Friday, July 13, 2007

Texas Rangers

I count 4 present or potential closers in a bullpen of 7 relievers:
  1. Eric Gagne
  2. Akinori Otsuka
  3. Frankie Francisco
  4. LH C.J. Wilson

That's a wow. The Rangers also have Joaquin Benoit and LH Ron Mahay pitching the best ever in their careers - which is pretty danged good in both cases; and the Rangers have superachiever Willie Eyre - having added a split finger fastball to his repertoire - demonstrating both mastery of his craft, and versatility to pitch in either starting, long relief, or set-up roles. More wow.

Unable to break into the superstrong bullpen, except in the case of injuries:

  • Wes Littleton (conceivably a future closer, or an 8th inning set-up reliever)
  • Scott Feldman (workmanlike and effective side-armer)
  • LH A.J. Murray (currently using a plus change-up to dominate as a AAA closer)
  • Either Jamey Wright, Vincent Padilla, or Robinson Tejeda, depending on which one falls out of the starting rotation.

At this moment - before a possible onslaught of trades begin - the Rangers possess the finest bullpen in franchise history. It's an absolute pleasure to watch these guys work.

I believe the Rangers, improbably, are now the equal of most baseball teams which are challenging for the playoffs. Young starters Brandon McCarthy and Kameron Loe are ready to succeed in a way they were not in April and May. Young players Marlon Byrd and Ian Kinsler are also ready to succeed in ways they were not in April and May. Early season slumping veterans Kevin Millwood, Michael Young, Brad Wilkerson, and Frank Catalanotto are now playing with excellence. Manager Ron Washington and Catcher Gerald Laird have seemingly meshed their thinking on how to call games and work with pitchers.

The Rangers were two months too young and two months too slumpy to succeed this season. It seems crazy, yet if the Rangers kept this exact team together in 2008, I would like their chances to make the playoffs. However, the odds of this team being together, even three weeks from now, are slim.

Looking to the future:

In the MLPlayoffs and the World Series, umpire's strike zones shrink a bit. Its important to have pitchers who can succeed in those umpiring conditions.

Kevin Millwood can succeed, more often than not.
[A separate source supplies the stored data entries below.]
(* Fix a half-integer $j\ge \tfrac12$ and a real number $l\in(0,1)$, and let $W_{j,l}$ be the effective Bianchi IX potential defined in the context, viewed as a function of $(q^0,q^+,q^-)$. Let $q^0_1\in\mathbb{R}$ and let $(q^+(q^0),q^-(q^0),\pi_+(q^0),\pi_-(q^0))$ be a solution, defined for all $q^0\le q^0_1$, of the internal-time equations of motion \[ \frac{dq^\pm}{dq^0}=\frac{\pi_\pm}{2\sqrt{h}},\qquad \frac{d\pi_\pm}{dq^0}=-\frac{1}{\sqrt{h}}\frac{\partial W_{j,l}}{\partial q^\pm},\qquad h:=\tfrac12(\pi_+^2+\pi_-^2)+2W_{j,l}(q^0,q^+,q^-), \] with $h>0$ along the solution. Then $R(q^0):=\sqrt{(q^+(q^0))^2+(q^-(q^0))^2}$ does not remain bounded as $q^0\to-\infty$; i.e., there is no $q^0_2\le q^0_1$ such that $R$ is bounded on $(-\infty,q^0_2]$.
   Context: Effective potential. For $0<l<1$ define, for $q>0$, \[ F_l(q)=\Big(\tfrac{2l(l+1)(l+2)}{3}\Big)^{\frac{1}{l-1}}\Big[(l+1)\{(q+1)^{l+2}-|q-1|^{l+2}\}-(l+2)\,q\,\{(q+1)^{l+1}-\mathrm{sgn}(q-1)|q-1|^{l+1}\}\Big]^{\frac{1}{1-l}} . \] (It satisfies $F_l(q)\to q^{-1}$ behaviour for $q\gg1$ and $F_l(q)\approx (3q/(l+1))^{1/(1-l)}$ for $0<q\ll1$.) For $\mu=(\mu_1,\mu_2,\mu_3)$ with all $\mu_I>0$ define, for $\{I,J,K\}=\{1,2,3\}$, \[ \Gamma_I=\tfrac12\big(\mu_K F_l(\mu_J)+\mu_J F_l(\mu_K)-\mu_J\mu_K F_l(\mu_I)^2\big), \] and \[ W_{j,l}(\mu)=8j^2\big[\mu_1\mu_2(\Gamma_1\Gamma_2-\Gamma_3)+\mu_2\mu_3(\Gamma_2\Gamma_3-\Gamma_1)+\mu_3\mu_1(\Gamma_3\Gamma_1-\Gamma_2)\big]. \] Variables: with $Q:=e^{\frac{2}{\sqrt3}q^0}/(2j)$ (so $q^0=\tfrac1{\sqrt3}\ln(\text{volume})$ is the internal time, decreasing volume means $q^0$ decreasing), \[ \mu_1=Q\,e^{\frac{4}{\sqrt6}q^+},\quad \mu_2=Q\,e^{-\frac{2}{\sqrt6}q^++\sqrt2\,q^-},\quad \mu_3=Q\,e^{-\frac{2}{\sqrt6}q^+-\sqrt2\,q^-}, \] and $W_{j,l}(q^0,q^+,q^-)$ denotes $W_{j,l}$ evaluated at these $\mu_I$. The internal-time Hamiltonian is $\mathcal H=\sqrt h$, with $(q^\pm,\pi_\pm)$ canonically conjugate. *)

From Stdlib Require Import Reals.
From Coquelicot Require Import Coquelicot.
Open Scope R_scope.

(* real power x^a for a > 0, with the convention 0^a = 0 (and x^a = 0 for x <= 0,
   only ever used with x >= 0 here) *)
Definition rpow (x a : R) : R := if Rlt_dec 0 x then Rpower x a else 0.

Definition sgn (x : R) : R :=
  if Rlt_dec 0 x then 1 else if Rlt_dec x 0 then -1 else 0.

Definition F (l q : R) : R :=
  rpow (2 * l * (l + 1) * (l + 2) / 3) (1 / (l - 1)) *
  rpow ((l + 1) * (rpow (q + 1) (l + 2) - rpow (Rabs (q - 1)) (l + 2))
        - (l + 2) * q * (rpow (q + 1) (l + 1) - sgn (q - 1) * rpow (Rabs (q - 1)) (l + 1)))
       (1 / (1 - l)).

(* Gamma_I with {I,J,K} : Gamma l mI mJ mK *)
Definition Gam (l mI mJ mK : R) : R :=
  / 2 * (mK * F l mJ + mJ * F l mK - mJ * mK * (F l mI) ^ 2).

Definition Wmu (j l m1 m2 m3 : R) : R :=
  let G1 := Gam l m1 m2 m3 in
  let G2 := Gam l m2 m3 m1 in
  let G3 := Gam l m3 m1 m2 in
  8 * j ^ 2 * (m1 * m2 * (G1 * G2 - G3) + m2 * m3 * (G2 * G3 - G1)
               + m3 * m1 * (G3 * G1 - G2)).

Definition W (j l q0 qp qm : R) : R :=
  let Q := exp (2 / sqrt 3 * q0) / (2 * j) in
  Wmu j l (Q * exp (4 / sqrt 6 * qp))
          (Q * exp (- (2 / sqrt 6) * qp + sqrt 2 * qm))
          (Q * exp (- (2 / sqrt 6) * qp - sqrt 2 * qm)).

From Stdlib Require Import Reals Lra Psatz.
From Coquelicot Require Import Coquelicot.
Open Scope R_scope.

(* Near the singularity, with (q^+, q^-) confined to a bounded set, the three mu_I are
   comparable to Q -> 0, while F_l (mu) ~ c mu^(1/(1-l)) is much smaller than mu.  Writing
   mu = Q y and F (mu) = f z, W becomes 8 j^2 Q^3 f times a polynomial - Wlead (y, z) + O (Q f)
   whose leading part is negative and homogeneous of degree 3 in y.  Hence, for q^0 small
   enough, W < 0, W decreases when Q grows, and the q^+- gradient of W is O (Q).
   Along the flow dh/dq^0 is the explicit q^0-derivative of W, so h grows as q^0 decreases.
   Then |pi|^2 >= 2 h is bounded below, while pi moves by at most O (Q / sqrt h), which is
   integrable: pi stays close to a fixed nonzero pi*, and pi* . q has derivative bounded
   below, so q cannot stay bounded as q^0 -> -oo. *)

Lemma MVT_le (f df : R -> R) a b : a <= b ->
  (forall x, a <= x <= b -> is_derive f x (df x)) ->
  exists c, a <= c <= b /\ f b - f a = df c * (b - a).
Proof.
  intros Hab Hd.
  assert (Hmin : Rmin a b = a) by (apply Rmin_left; lra).
  assert (Hmax : Rmax a b = b) by (apply Rmax_right; lra).
  destruct (MVT_gen f a b df) as [c Hc]; cbv zeta in *; rewrite ?Hmin, ?Hmax in *.
  - intros x Hx. apply Hd. lra.
  - intros x Hx. apply derivable_continuous_pt. exists (df x).
    apply is_derive_Reals, Hd. lra.
  - exists c. exact Hc.
Qed.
He can spot his fastball where he needs it - which is what you need.

Brandon McCarthy reminds me of a tall Orel Herschiser. McCarthy could become a successful playoff pitcher.

Kameron Loe will have trouble. If playoff umpires cut 3-4 inches off the bottom of the regular season strike zone, Loe's sinker and change-up may put him behind in the count against many hitters. It's the same problem Greg Maddux had in the playoffs, imo. It's the same problem Fernando Valenzquela had late in his career, when hitters began letting his sinkers go by, and umpires began carefully scrutinizing the bottom of his strike zone.

Eric Hurley could be a solution.

My solution: C.J. Wilson.

I know of no reason C.J. could not be a #1 or a #2 World Series quality starter. He certainly has the stuff, the intelligence, and the repertoire. The Rangers could be worried about C.J.'s post-operative health - yet I've not heard any actual word about that. It's said C.J. likes to get his adrenaline pumping for relief appearances. So what? I say C.J. is an intelligent and adaptable athlete. C.J. was horribly unsuccessful during two different efforts at being a starting pitcher in the major leagues. Again: so what? In a young player's career, those failures were a LIFETIME ago. Those failures were exactly like a 5 year old trying to remember when they were 3 years old: it was FOREVER ago. Who can REMEMBER that far back?!

C.J.'s repertoire could be a big asset. A starting pitcher needs to give hitters different looks during different trips through the line-up. C.J. has about 6 different pitches he can throw effectively. He's a veritable Daisuke Matusaka - right down to C.J.'s employing Daisuke's gyroball as a strike-out pitch. C.J. throws all these pitches well:

  • 4 seam FB
  • 2 seam FB
  • slider
  • curve
  • change-up

plus the gyroball; plus he's always playing around with things like a forkballs and a screwballs, and whatever else he hears about.